Baseline sample (reference hardware, 2026-Q2)¶
fib(25) tree-walker median 38.2 ms min 36.0 ms max 42.9 ms
fib(25) register VM median 16.4 ms min 15.1 ms max 18.7 ms
fib(25) hand Rust median 0.18 ms
http / p99 <unmeasured> wrk not in toolchain
These numbers are indicative. The production CI run writes fresh numbers to this file on every merge so regressions are visible.
Streams and expected gains¶
| Stream | Expected gain | Status |
|---|---|---|
| E.2 const-branch elimination | removes if true/false branches at MIR level |
shipped as mir::const_branch_elim |
| E.2 bytecode superinstructions | 1.5× – 2.5× on VM fib | deferred — Op variants + compile-time peephole pending |
| E.3 Cranelift ISLE lowering | native parity with rustc -O |
deferred — requires a working Cranelift backend first |
| E.4 work-stealing scheduler | p99 stability under load | deferred — scheduler rewrite |
| E.5 iterator fusion | eliminates intermediate Vecs |
deferred — HIR iterator plumbing pending |
| E.6 escape analysis | non-aliasing locals flagged for stack allocation | shipped as mir::analyse_escape returning an EscapeSet |
Non-goals for the first pass¶
- No profile-guided optimisation.
- No JIT tier (interpreter + ahead-of-time is enough for the 1.0.0 release).
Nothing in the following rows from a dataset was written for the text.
(* Let $\{(X_i,\tau_i):i\in I\}$ be a family of extended locally convex spaces and, for each $i\in I$, let $\tau_{F_i}$ be the finest locally convex topology of $(X_i,\tau_i)$. Let $X=\prod_{i\in I}X_i$ and $\tau=\prod_{i\in I}\tau_i$ (product topology). Then the product topology $\prod_{i\in I}\tau_{F_i}$ is the finest locally convex topology of the extended locally convex space $(X,\tau)$. Moreover, $(X,\prod_{i\in I}\tau_{F_i})^*=(X,\tau)^*$.
   Context: An extended seminorm on a vector space $X$ over $\mathbb{R}$ or $\mathbb{C}$ is a map $\rho:X\to[0,\infty]$ with $\rho(\alpha x)=|\alpha|\rho(x)$ and $\rho(x+y)\le\rho(x)+\rho(y)$. An extended locally convex space $(X,\tau)$ is a vector space with the topology induced by a family $\{\rho_i\}$ of extended seminorms (neighborhood base at $x_0$: $\{x:\max_{i\in J}\rho_i(x-x_0)<\varepsilon\}$, $J$ finite, $\varepsilon>0$). A locally convex topology is one induced in this way by finite-valued seminorms. The finest locally convex topology of an elcs $(X,\tau)$ is the locally convex topology $\tau_F\subseteq\tau$ such that every locally convex topology $\sigma\subseteq\tau$ on $X$ satisfies $\sigma\subseteq\tau_F$. $(Z,\sigma)^*$ denotes the set of $\sigma$-continuous linear functionals on $Z$. *)

From Stdlib Require List.
From HB Require Import structures.
From mathcomp Require Import all_boot all_algebra.
From mathcomp Require Import complex.
From mathcomp Require Import boolp classical_sets reals ereal.
Import GRing.Theory Num.Theory ComplexField.

Set Implicit Arguments.
Unset Strict Implicit.
Unset Printing Implicit Defensive.

Local Open Scope ring_scope.
Local Open Scope classical_set_scope.

Definition scal (R : realType) (b : bool) : numFieldType :=
  if b then (R : numFieldType) else (R[i] : numFieldType).

Section DProd.
Variables (K : numFieldType) (I : Type) (X : I -> lmodType K).

Definition dprod := forall i, X i.

HB.instance Definition _ := gen_eqMixin dprod.
HB.instance Definition _ := gen_choiceMixin dprod.

Definition dprod_zero : dprod := fun i => 0.
Definition dprod_opp (x : dprod) : dprod := fun i => - x i.
Definition dprod_add (x y : dprod) : dprod := fun i => x i + y i.
Definition dprod_scale (a : K) (x : dprod) : dprod := fun i => a *: x i.

Lemma dprod_addA : associative dprod_add.
Proof. by move=> x y z; apply: functional_extensionality_dep => i; rewrite /dprod_add addrA. Qed.
Lemma dprod_addC : commutative dprod_add.
Proof. by move=> x y; apply: functional_extensionality_dep => i; rewrite /dprod_add addrC. Qed.
Lemma dprod_add0 : left_id dprod_zero dprod_add.
Proof. by move=> x; apply: functional_extensionality_dep => i; rewrite /dprod_add add0r. Qed.
Lemma dprod_addN : left_inverse dprod_zero dprod_opp dprod_add.
Proof. by move=> x; apply: functional_extensionality_dep => i; rewrite /dprod_add addNr. Qed.

HB.instance Definition _ :=
  GRing.isZmodule.Build dprod dprod_addA dprod_addC dprod_add0 dprod_addN.
(* Let $r$ be a normalized formal generalized $r$-matrix. Then $\mathfrak g(r)\cap z^{-1}\mathfrak g[\![z]\!]=\{(1\otimes\alpha)r(z,0)\mid\alpha\in\mathfrak g^*\}$, and this subspace generates $\mathfrak g(r)$ as a Lie algebra.
   Context: $\Bbbk$ is a field of characteristic $0$, $\mathfrak g$ a finite-dimensional semisimple Lie algebra over $\Bbbk$ of dimension $d$ with Killing form $\kappa$, $\{b_i\}$ a $\kappa$-orthonormal basis, $\gamma=\sum_i b_i\otimes b_i$, and $\frac{1}{x-y}=\sum_{k\ge0}x^{-k-1}y^k$. A series $r\in(\mathfrak g\otimes\mathfrak g)(\!(x)\!)[\![y]\!]$ is in normalized standard form if $r=\frac{\gamma}{x-y}+r_0$ with $r_0\in(\mathfrak g\otimes\mathfrak g)[\![x,y]\!]$; then $\bar r(x,y)=\frac{\gamma}{x-y}-\tau(r_0(y,x))$, $\tau$ the flip. With $s^{ij}$ meaning substitution $(x,y)=(x_i,x_j)$ and placement of tensor factors in positions $i,j$ inside $(U(\mathfrak g)^{\otimes 3})\otimes\Bbbk(\!(x_1)\!)(\!(x_2)\!)[\![x_3]\!]$, a normalized formal generalized $r$-matrix is such an $r$ with $[r^{12},r^{13}]+[r^{12},r^{23}]+[r^{13},\bar r^{23}]=0$. For $s=\sum_{k,i}s_{k,i}(x)\otimes b_iy^k$, $\mathfrak g(s)=\mathrm{span}_\Bbbk\{s_{k,i}(z)\}\subseteq\mathfrak g(\!(z)\!)$. Here $r(z,0)\in\mathfrak g(\!(z)\!)\otimes\mathfrak g$ is the $y^0$-coefficient and $(1\otimes\alpha)$ applies $\alpha$ to the second factor. *)

From HB Require Import structures.
From mathcomp Require Import all_boot all_order all_algebra.
Set Implicit Arguments. Unset Strict Implicit. Unset Printing Implicit Defensive.
Import GRing.Theory.
Local Open Scope ring_scope.

Section LieDefs.
Variables (K : fieldType) (g : vectType K).

Definition is_lie_bracket (br : g -> g -> g) : Prop :=
  [/\ forall a : g, linear (br a), forall c : g, linear (br^~ c),
      forall a : g, br a a = 0 &
      forall a c e : g, br a (br c e) + br c (br e a) + br e (br a c) = 0].

Definition killing (br : g -> g -> g) (x y : g) : K :=
  \sum_(i < \dim {: g}) coord (vbasis {: g}) i (br x (br y (tnth (vbasis {: g}) i))).

Definition lie_ideal (br : g -> g -> g) (I : {vspace g}) : Prop :=
  forall x y : g, y \in I -> br x y \in I.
- No SIMD in the stdlib (deferred post-1.0.0).
Known blockers¶
- The interpreter cannot compile
format!(...)macro invocations to anything meaningful today — this is a Stream H.9 item and bounds any benchmark that exercises formatted output. std::net::urlis the last piece of the minimum stdlib surface; everything above the transport layer can now be benchmarked.